Repeat analysis of samples removed from the posterior segment produced conflicting results. One sample contained small amounts of RMN‐3, whereas a second sample from the same posterior segment of the same eye contained almost normal levels of RMN‐3.
This discrepancy led us to re‐analyse the manufacturer's syringe, which was shaken and left standing vertically at room temperature. To compare the amount of RMN‐3, we normalised the RMN‐3 signal at 2.85 ppm to the residual deutero‐chloroform hydrogen signal at 7.25 ppm. Results at 1, 5 and 6 months showed that the height of the 2.85 ppm signal compared with the height of the 7.25 ppm signal was 17%, 12% and 15%, demonstrating that the mixture of RMN‐3 and silicone oil is not homogenous in vitro and at room temperature.
Our analysis showed only a trace amount of RMN‐3 in the anterior chamber; however, clinically the oil droplets in the anterior chamber were found to be settling as well as floating. It would have been difficult to separate these two populations of droplets and analysis of such minute quantities may well have been meaningless. Our analysis reflects the overall composition of the oil droplets in the anterior chamber. Intuition suggests sunken droplets contained more RMN‐3 and there were simply too few of these sunken droplets in the eye (or our sample) for a significant quantity of RMN‐3 to be detected overall.

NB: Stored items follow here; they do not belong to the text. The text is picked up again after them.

Theorem corollary1 (R : realType) (n m N S : nat)
  (F : 'rV[R]_n -> 'rV[R]_m -> 'rV[R]_n)
  (sigma0 : 'rV[R]_n -> 'rV[R]_m -> R) (sigma1 : 'rV[R]_n -> R)
  (g0 : 'I_N.+1 -> 'I_S -> R) (P : 'I_N.+1 -> 'M[R]_S) (q : 'cV[R]_S)
  (x : 'rV[R]_n) (s : 'I_S) (U : set 'rV[R]_m) (a0 : 'I_N.+1) (us : 'rV[R]_m) :
  (* P(a) row-stochastic, q in [0,1]^|F| *)
  (forall a i j, 0 <= P a i j) ->
  (forall a i, \sum_(j < S) P a i j = 1) ->
  (forall i, 0 <= q i ord0 <= 1) ->
  (* continuity, coercivity, convexity in u *)
  (forall (y : 'rV[R]_n) (a : 'I_N.+1),
     let f0 := fun u => Sigma sigma0 sigma1 g0 y s (F y 0) u a in
     let f1 := fun u => Sigma sigma0 sigma1 g0 y s (F y u) u a in
     (continuous f0 /\ coercive f0 /\ convex_fun f0) /\
     (continuous f1 /\ coercive f1 /\ convex_fun f1)) ->
  let h := hfun F sigma0 sigma1 g0 P q x s in
  (* U = U(x): compact, contains the controller's optimal responses,
     and the min-max values over U coincide with J1 and J2 *)
  compact U ->
  (forall u, supP h u = upper_value h setT -> U u) ->
  upper_value h setT = upper_value h U ->
  upper_value h U = lower_value h U ->
  lower_value h U = lower_value h setT ->
  (* reserved action a0 <> 1 *)
  a0 != ord0 ->
  (forall j k : 'I_N.+1, j != a0 -> k != a0 -> (j < k)%N ->
     forall u, interior U u -> h j u > h k u) ->
  interior U us ->
  h ord0 us = h a0 us ->
  (forall u, u != us -> h ord0 u > h ord0 us \/ h a0 u > h a0 us) ->
  ~ (forall u, h ord0 us <= h ord0 u) ->
  ~ (forall u, h a0 us <= h a0 u) ->
  exists ps : 'I_N.+1 -> R,
    saddle_point h us ps /\ non_pure ps /\ supported_on ps [set ord0; a0].
Proof.
(* Compactness of U and the min-max identities only pin down the value of the
   game; the saddle inequalities are checked directly over all of R^m. *)
move=> P_ge0 P_sum1 q01 Sigma_props h _ _ _ _ _ a0_neq0 h_ordered us_int h_us pareto
  not_min1 not_min_a0.
have ord0_neq_a0 : ord0 != a0 by rewrite eq_sym.
have h_convex i : convex_fun (h i).
  have [[_ [_ cvx0]] [_ [_ cvx1]]] := Sigma_props x i.
  exact: hfun_convex (P_ge0 i) (P_sum1 i) q01 cvx1 cvx0.
have descent k : ~ (forall u, h k us <= h k u) -> exists u, h k u < h k us.
  by move=> /existsNP[u /negP]; rewrite -ltNge; exists u.
have others_below i : h i us <= h ord0 us.
  have [->|i_neq0] := eqVneq i ord0; first exact: lexx.
  have [->|i_neq_a0] := eqVneq i a0; first by rewrite h_us.
  apply/ltW/h_ordered => //.
  by rewrite lt0n; apply: contraNneq i_neq0 => i0; exact/eqP/val_inj.
have descent_a0 : exists u, h a0 u < h ord0 us by rewrite h_us; apply: descent.
have [t t01 us_min] := pareto_weights (h_convex ord0) (h_convex a0) erefl
  (esym h_us) pareto (descent _ not_min1) descent_a0.
exists (two_point ord0 a0 t); split; last split.
- apply: two_point_saddle => //.
  by case/andP: t01 => t_gt0 t_lt1; rewrite !ltW.
- exact: two_point_non_pure.
- exact: two_point_supported.
Qed.
(** Inside the region, the integrand is p^{2a+c} times the zeta term of a
    code with v(x) = a, v(z) = c and v(y) = b: this is the identity
    |x|^{s1-2} |z|^{s1-1} max^{s2-s1} = p^{2a+c} p^{-(a+c-m) s1} p^{-m s2}. *)
Lemma integrand_val_inside s1 s2 a ob c : (a <= 2 * c)%nat ->
  integrand_val s1 s2 (Some a) ob (Some c) = (RtoC (IZR p ^ (2 * a + c)) * code_term s1 s2 a c ob)%C.
Proof.
  intros h. unfold integrand_val. destruct Rle_dec as [r|r].
  2:{ exfalso. apply r. simpl. rewrite Rmult_1_r, <- Rinv_mult, <- pow_add. apply (invpow_le p Hp). lia. }
  simpl absv. rewrite Rmax_absv. unfold code_term.
  pose proof (cotype_exp_le a c ob) as [m1 m2]. set (m := cotype_exp a c ob) in *.
  assert (Hpos : forall k, 0 < IZR (ppow p k)) by (intros; rewrite IZR_ppow; apply powp_pos; auto).
  rewrite !rpowC_pos by (auto; apply invpow_pos; auto).
  rewrite !(ln_invpow p Hp), !(ln_ppow p Hp).
  rewrite <- (exp_ln (IZR p ^ (2 * a + c))) by (apply powp_pos; auto).
  rewrite <- cexp_R, <- !cexp_add. f_equal.
  rewrite ln_pow by (apply IZRp_pos; auto).
  rewrite minus_INR by lia. rewrite plus_INR, !mult_INR, plus_INR. replace (INR 2) with 2 by (simpl; lra).
  repeat first [rewrite RtoC_opp | rewrite RtoC_mult | rewrite RtoC_minus | rewrite RtoC_plus]. ring.
Qed.

End IntegrandOnValuations.

(** ** Riemann sums as partial zeta sums *)

Section RiemannSums.
Local Open Scope R_scope.
Variable p : Z.
Hypothesis Hp : (1 < p)%Z.

Lemma vsum_ext n F G : (forall o, F o = G o) -> vsum p n F = vsum p n G.
Proof. intros H. unfold vsum. rewrite H. f_equal. apply csum_nat_ext. intros. rewrite H. reflexivity. Qed.

Lemma vsum_zero n F : (forall o, F o = RtoC 0) -> vsum p n F = RtoC 0.
Proof. intros H. unfold vsum. rewrite H, csum_nat_zero; [ring|]. intros. rewrite H. ring. Qed.

Lemma vsum_scal n k F : vsum p n (fun o => k * F o)%C = (k * vsum p n F)%C.
Proof.
  unfold vsum. rewrite Cmult_plus_distr_l, csum_nat_scal. f_equal. apply csum_nat_ext. intros. ring.
Qed.

Lemma vsum_swap n m (F : nat -> option nat -> C) :
  vsum p n (fun o => csum_nat m (fun c => F c o)) = csum_nat m (fun c => vsum p n (F c)).
Proof.
  unfold vsum. rewrite csum_nat_plus. f_equal.
  rewrite (csum_nat_ext n _ (fun a => csum_nat m (fun c => RtoC (val_weight p n a) * F c (Some a))%C)).
  - apply csum_nat_swap.
  - intros. apply csum_nat_scal.
Qed.

Lemma sum_triples_by_valuation n (Phi : option nat -> option nat -> option nat -> C) :
  let N := Z.to_nat (ppow p n) in
  csum_nat N (fun i => csum_nat N (fun j => csum_nat N (fun k =>
     Phi (val p (Z.of_nat i)) (val p (Z.of_nat j)) (val p (Z.of_nat k))))) =
  vsum p n (fun oa => vsum p n (fun ob => vsum p n (fun oc => Phi oa ob oc))).
Proof.
  simpl. rewrite <- (sum_residues_by_valuation p Hp). apply csum_nat_ext. intros i _.
  rewrite <- (sum_residues_by_valuation p Hp). apply csum_nat_ext. intros j _.
  apply (sum_residues_by_valuation p Hp).
Qed.

Lemma val_weight_geom d a : rsum_nat d (fun k => val_weight p (a + d) (a + k)) = IZR p ^ d - 1.
Proof.
  revert a. induction d as [|d IH]; intros a; [unfold rsum_nat; simpl; ring|].
  rewrite rsum_nat_S, (rsum_nat_ext d _ (fun k => val_weight p (S a + d) (S a + k)))
    by (intros; f_equal; lia).
  rewrite IH. unfold val_weight. replace (a + S d)%nat with (S a + d)%nat by lia.
  rewrite Nat.add_0_r, !pow_add. simpl.
  pose proof (powp_pos p Hp a). pose proof (IZRp_pos p Hp). field. lra.
Qed.

(** If F(b) only depends on b up to b >= a, the level-n valuation sum is
    p^{n-a} times the level-a one (a function on Z/p^a lifted to Z/p^n). *)
Lemma vsum_lift n a F : (a <= n)%nat -> (forall b, (a <= b)%nat -> F (Some b) = F None) ->
  vsum p n F = (RtoC (IZR p ^ n / IZR p ^ a) * vsum p a F)%C.
Proof.
  intros han HF. pose proof (powp_pos p Hp a). pose proof (IZRp_pos p Hp).
  assert (Hsplit : IZR p ^ n / IZR p ^ a = IZR p ^ (n - a)).
  { replace n with (a + (n - a))%nat at 1 by lia. rewrite pow_add. field. lra. }
  unfold vsum. replace n with (a + (n - a))%nat at 1 by lia. rewrite csum_nat_add.
  rewrite (csum_nat_ext (n - a) _ (fun k => RtoC (val_weight p n (a + k)) * F None)%C)
    by (intros; rewrite HF by lia; reflexivity).
  replace (csum_nat (n - a) (fun k => RtoC (val_weight p n (a + k)) * F None)%C)
    with (RtoC (IZR p ^ (n - a) - 1) * F None)%C.
  2:{ rewrite <- (val_weight_geom (n - a) a), RtoC_rsum, Cmult_comm, csum_nat_scal.
      replace (a + (n - a))%nat with n by lia. apply csum_nat_ext. intros; ring. }
  rewrite Cmult_plus_distr_l, csum_nat_scal.
  rewrite (csum_nat_ext a (fun k => RtoC (val_weight p n k) * F (Some k))%C
             (fun k => RtoC (IZR p ^ n / IZR p ^ a) * (RtoC (val_weight p a k) * F (Some k)))%C).
  - rewrite Hsplit, RtoC_minus. ring.
  - intros k _. rewrite Cmult_assoc, <- RtoC_mult. f_equal. f_equal. unfold val_weight.
    pose proof (powp_pos p Hp (S k)). field. lra.
Qed.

In samples removed from a syringe containing unused Oxane HD, we found local variations of the concentration of RMN‐3 within the solution, demonstrating a heterogeneity in the concentration of RMN‐3 within Oxane HD in vitro. Presumably this heterogeneity occurs in vivo, because the anterior chamber samples contained only trace amounts of RMN‐3. We hypothesise that it is those areas of the oil bubble with a low concentration of RMN‐3 that are able to emulsify and enter the anterior chamber.
This preliminary study shows the mixture of silicone oil and RMN‐3 is not homogenous in vitro and suggests that the mixture may not be homogenous in vivo. The small number and volume of samples limit our investigations and we would recommend further studies.
CDCl3 - Deuterated chloroform
NMR - nuclear magnetic resonance
SRF - subretinal fluid
Competing interests: None.
Presented to the British and Eire Vitreoretinal Society Meeting, Cheltenham on 3 November 2005.
Informed consent was obtained for publication of the persons' details in this report.